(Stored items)

___

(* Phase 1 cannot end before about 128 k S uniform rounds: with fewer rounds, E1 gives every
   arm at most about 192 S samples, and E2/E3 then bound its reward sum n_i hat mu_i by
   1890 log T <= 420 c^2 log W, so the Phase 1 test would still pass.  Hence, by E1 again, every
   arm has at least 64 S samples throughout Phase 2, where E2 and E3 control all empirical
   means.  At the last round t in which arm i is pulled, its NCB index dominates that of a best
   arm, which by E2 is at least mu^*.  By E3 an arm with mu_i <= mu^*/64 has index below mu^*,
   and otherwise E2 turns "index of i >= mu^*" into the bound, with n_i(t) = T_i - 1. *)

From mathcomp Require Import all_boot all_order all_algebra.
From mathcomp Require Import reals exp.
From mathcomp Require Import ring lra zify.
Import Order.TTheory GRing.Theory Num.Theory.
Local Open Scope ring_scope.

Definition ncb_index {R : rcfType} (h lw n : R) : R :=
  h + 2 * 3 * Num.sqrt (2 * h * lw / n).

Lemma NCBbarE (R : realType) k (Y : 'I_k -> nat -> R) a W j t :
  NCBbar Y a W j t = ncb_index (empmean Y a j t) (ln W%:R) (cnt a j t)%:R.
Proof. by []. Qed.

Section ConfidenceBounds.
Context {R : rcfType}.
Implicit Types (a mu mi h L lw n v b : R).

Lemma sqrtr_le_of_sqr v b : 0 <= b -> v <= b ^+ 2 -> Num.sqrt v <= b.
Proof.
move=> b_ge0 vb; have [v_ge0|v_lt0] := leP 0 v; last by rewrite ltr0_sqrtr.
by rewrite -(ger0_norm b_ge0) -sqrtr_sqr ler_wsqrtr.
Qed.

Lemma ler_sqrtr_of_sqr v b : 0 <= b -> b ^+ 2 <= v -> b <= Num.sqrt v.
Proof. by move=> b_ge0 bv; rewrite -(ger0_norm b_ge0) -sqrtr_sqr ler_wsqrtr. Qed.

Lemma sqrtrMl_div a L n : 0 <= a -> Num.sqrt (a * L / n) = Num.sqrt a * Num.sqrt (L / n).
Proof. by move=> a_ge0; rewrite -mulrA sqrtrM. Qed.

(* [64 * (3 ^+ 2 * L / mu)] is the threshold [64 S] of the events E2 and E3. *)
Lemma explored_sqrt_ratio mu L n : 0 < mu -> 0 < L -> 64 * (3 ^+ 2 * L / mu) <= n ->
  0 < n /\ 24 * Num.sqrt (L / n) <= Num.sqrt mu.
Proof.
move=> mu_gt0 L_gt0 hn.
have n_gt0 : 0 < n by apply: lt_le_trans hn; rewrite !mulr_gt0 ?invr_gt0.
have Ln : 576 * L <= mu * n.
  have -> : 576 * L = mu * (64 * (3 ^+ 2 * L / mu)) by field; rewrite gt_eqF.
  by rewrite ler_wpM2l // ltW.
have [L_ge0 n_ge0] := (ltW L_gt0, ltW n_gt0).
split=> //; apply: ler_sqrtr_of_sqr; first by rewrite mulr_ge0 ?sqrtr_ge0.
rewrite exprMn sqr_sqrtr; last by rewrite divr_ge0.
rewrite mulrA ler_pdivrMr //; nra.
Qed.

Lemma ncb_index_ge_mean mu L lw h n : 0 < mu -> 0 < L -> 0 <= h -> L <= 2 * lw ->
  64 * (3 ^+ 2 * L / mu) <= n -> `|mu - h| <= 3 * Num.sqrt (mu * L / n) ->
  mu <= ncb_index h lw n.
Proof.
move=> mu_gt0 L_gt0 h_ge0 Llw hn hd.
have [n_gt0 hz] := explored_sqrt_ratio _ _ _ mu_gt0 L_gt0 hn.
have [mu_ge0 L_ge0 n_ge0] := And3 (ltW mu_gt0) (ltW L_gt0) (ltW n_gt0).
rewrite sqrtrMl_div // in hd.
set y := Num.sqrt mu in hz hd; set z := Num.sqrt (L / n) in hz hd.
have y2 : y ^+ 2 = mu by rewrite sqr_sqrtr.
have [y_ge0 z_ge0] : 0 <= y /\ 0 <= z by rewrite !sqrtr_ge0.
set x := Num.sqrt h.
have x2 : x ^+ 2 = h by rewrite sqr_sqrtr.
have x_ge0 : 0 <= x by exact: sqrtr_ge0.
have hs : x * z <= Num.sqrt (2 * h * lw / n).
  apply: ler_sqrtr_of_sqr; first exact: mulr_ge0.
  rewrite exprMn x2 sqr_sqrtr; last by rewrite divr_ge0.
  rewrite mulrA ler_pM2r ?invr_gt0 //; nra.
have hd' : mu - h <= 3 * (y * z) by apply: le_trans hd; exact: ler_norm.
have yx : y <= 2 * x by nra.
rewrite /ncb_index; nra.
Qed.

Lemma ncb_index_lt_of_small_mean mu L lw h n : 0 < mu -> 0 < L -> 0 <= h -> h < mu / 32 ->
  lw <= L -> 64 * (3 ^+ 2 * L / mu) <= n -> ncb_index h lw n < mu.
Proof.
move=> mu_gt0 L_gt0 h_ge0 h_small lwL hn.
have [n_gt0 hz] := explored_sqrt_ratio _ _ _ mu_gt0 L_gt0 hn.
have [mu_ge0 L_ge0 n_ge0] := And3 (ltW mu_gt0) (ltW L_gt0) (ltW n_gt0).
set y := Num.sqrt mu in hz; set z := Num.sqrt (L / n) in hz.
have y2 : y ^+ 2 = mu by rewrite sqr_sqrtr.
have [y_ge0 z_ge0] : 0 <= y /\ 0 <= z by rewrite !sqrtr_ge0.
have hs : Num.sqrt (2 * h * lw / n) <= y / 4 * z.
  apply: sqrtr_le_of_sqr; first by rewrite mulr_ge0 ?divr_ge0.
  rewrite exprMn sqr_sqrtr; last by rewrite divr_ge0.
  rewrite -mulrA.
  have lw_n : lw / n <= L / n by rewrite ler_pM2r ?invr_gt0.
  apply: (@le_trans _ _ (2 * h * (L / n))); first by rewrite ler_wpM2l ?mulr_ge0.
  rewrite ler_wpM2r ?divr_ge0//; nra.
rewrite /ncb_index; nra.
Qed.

___

== Directions ==
I would like you to return every entry exactly, with nothing changed.

== Result of this exercise ==
(* Phase 1 cannot end before about 128 k S uniform rounds: with fewer rounds, E1 gives every
   arm at most about 192 S samples, and E2/E3 then bound its reward sum n_i hat mu_i by
   1890 log T <= 420 c^2 log W, so the Phase 1 test would still pass.  Hence, by E1 again, every
   arm has at least 64 S samples throughout Phase 2, where E2 and E3 control all empirical
   means.  At the last round t in which arm i is pulled, its NCB index dominates that of a best
   arm, which by E2 is at least mu^*.  By E3 an arm with mu_i <= mu^*/64 has index below mu^*,
   and otherwise E2 turns "index of i >= mu^*" into the bound, with n_i(t) = T_i - 1. *)

From mathcomp Require Import all_boot all_order all_algebra.
From mathcomp Require Import reals exp.
From mathcomp Require Import ring lra zify.
Import Order.TTheory GRing.Theory Num.Theory.
Local Open Scope ring_scope.

Definition ncb_index {R : rcfType} (h lw n : R) : R :=
  h + 2 * 3 * Num.sqrt (2 * h * lw / n).

Lemma NCBbarE (R : realType) k (Y : 'I_k -> nat -> R) a W j t :
  NCBbar Y a W j t = ncb_index (empmean Y a j t) (ln W%:R) (cnt a j t)%:R.
Proof. by []. Qed.

Section ConfidenceBounds.
Context {R : rcfType}.
Implicit Types (a mu mi h L lw n v b : R).

Lemma sqrtr_le_of_sqr v b : 0 <= b -> v <= b ^+ 2 -> Num.sqrt v <= b.
Proof.
move=> b_ge0 vb; have [v_ge0|v_lt0] := leP 0 v; last by rewrite ltr0_sqrtr.
by rewrite -(ger0_norm b_ge0) -sqrtr_sqr ler_wsqrtr.
Qed.

Lemma ler_sqrtr_of_sqr v b : 0 <= b -> b ^+ 2 <= v -> b <= Num.sqrt v.
Proof. by move=> b_ge0 bv; rewrite -(ger0_norm b_ge0) -sqrtr_sqr ler_wsqrtr. Qed.

Lemma sqrtrMl_div a L n : 0 <= a -> Num.sqrt (a * L / n) = Num.sqrt a * Num.sqrt (L / n).
Proof. by move=> a_ge0; rewrite -mulrA sqrtrM. Qed.

(* [64 * (3 ^+ 2 * L / mu)] is the threshold [64 S] of the events E2 and E3. *)
Lemma explored_sqrt_ratio mu L n : 0 < mu -> 0 < L -> 64 * (3 ^+ 2 * L / mu) <= n ->
  0 < n /\ 24 * Num.sqrt (L / n) <= Num.sqrt mu.
Proof.
move=> mu_gt0 L_gt0 hn.
have n_gt0 : 0 < n by apply: lt_le_trans hn; rewrite !mulr_gt0 ?invr_gt0.
have Ln : 576 * L <= mu * n.
  have -> : 576 * L = mu * (64 * (3 ^+ 2 * L / mu)) by field; rewrite gt_eqF.
  by rewrite ler_wpM2l // ltW.
have [L_ge0 n_ge0] := (ltW L_gt0, ltW n_gt0).
split=> //; apply: ler_sqrtr_of_sqr; first by rewrite mulr_ge0 ?sqrtr_ge0.
rewrite exprMn sqr_sqrtr; last by rewrite divr_ge0.
rewrite mulrA ler_pdivrMr //; nra.
Qed.

Lemma ncb_index_ge_mean mu L lw h n : 0 < mu -> 0 < L -> 0 <= h -> L <= 2 * lw ->
  64 * (3 ^+ 2 * L / mu) <= n -> `|mu - h| <= 3 * Num.sqrt (mu * L / n) ->
  mu <= ncb_index h lw n.
Proof.
move=> mu_gt0 L_gt0 h_ge0 Llw hn hd.
have [n_gt0 hz] := explored_sqrt_ratio _ _ _ mu_gt0 L_gt0 hn.
have [mu_ge0 L_ge0 n_ge0] := And3 (ltW mu_gt0) (ltW L_gt0) (ltW n_gt0).
rewrite sqrtrMl_div // in hd.
set y := Num.sqrt mu in hz hd; set z := Num.sqrt (L / n) in hz hd.
have y2 : y ^+ 2 = mu by rewrite sqr_sqrtr.
have [y_ge0 z_ge0] : 0 <= y /\ 0 <= z by rewrite !sqrtr_ge0.
set x := Num.sqrt h.
have x2 : x ^+ 2 = h by rewrite sqr_sqrtr.
have x_ge0 : 0 <= x by exact: sqrtr_ge0.
have hs : x * z <= Num.sqrt (2 * h * lw / n).
  apply: ler_sqrtr_of_sqr; first exact: mulr_ge0.
  rewrite exprMn x2 sqr_sqrtr; last by rewrite divr_ge0.
  rewrite mulrA ler_pM2r ?invr_gt0 //; nra.
have hd' : mu - h <= 3 * (y * z) by apply: le_trans hd; exact: ler_norm.
have yx : y <= 2 * x by nra.
rewrite /ncb_index; nra.
Qed.

Lemma ncb_index_lt_of_small_mean mu L lw h n : 0 < mu -> 0 < L -> 0 <= h -> h < mu / 32 ->
  lw <= L -> 64 * (3 ^+ 2 * L / mu) <= n -> ncb_index h lw n < mu.
Proof.
move=> mu_gt0 L_gt0 h_ge0 h_small lwL hn.
have [n_gt0 hz] := explored_sqrt_ratio _ _ _ mu_gt0 L_gt0 hn.
have [mu_ge0 L_ge0 n_ge0] := And3 (ltW mu_gt0) (ltW L_gt0) (ltW n_gt0).
set y := Num.sqrt mu in hz; set z := Num.sqrt (L / n) in hz.
have y2 : y ^+ 2 = mu by rewrite sqr_sqrtr.
have [y_ge0 z_ge0] : 0 <= y /\ 0 <= z by rewrite !sqrtr_ge0.
have hs : Num.sqrt (2 * h * lw / n) <= y / 4 * z.
  apply: sqrtr_le_of_sqr; first by rewrite mulr_ge0 ?divr_ge0.
  rewrite exprMn sqr_sqrtr; last by rewrite divr_ge0.
  rewrite -mulrA.
  have lw_n : lw / n <= L / n by rewrite ler_pM2r ?invr_gt0.
  apply: (@le_trans _ _ (2 * h * (L / n))); first by rewrite ler_wpM2l ?mulr_ge0.
  rewrite ler_wpM2r ?divr_ge0//; nra.
rewrite /ncb_index; nra.
Qed.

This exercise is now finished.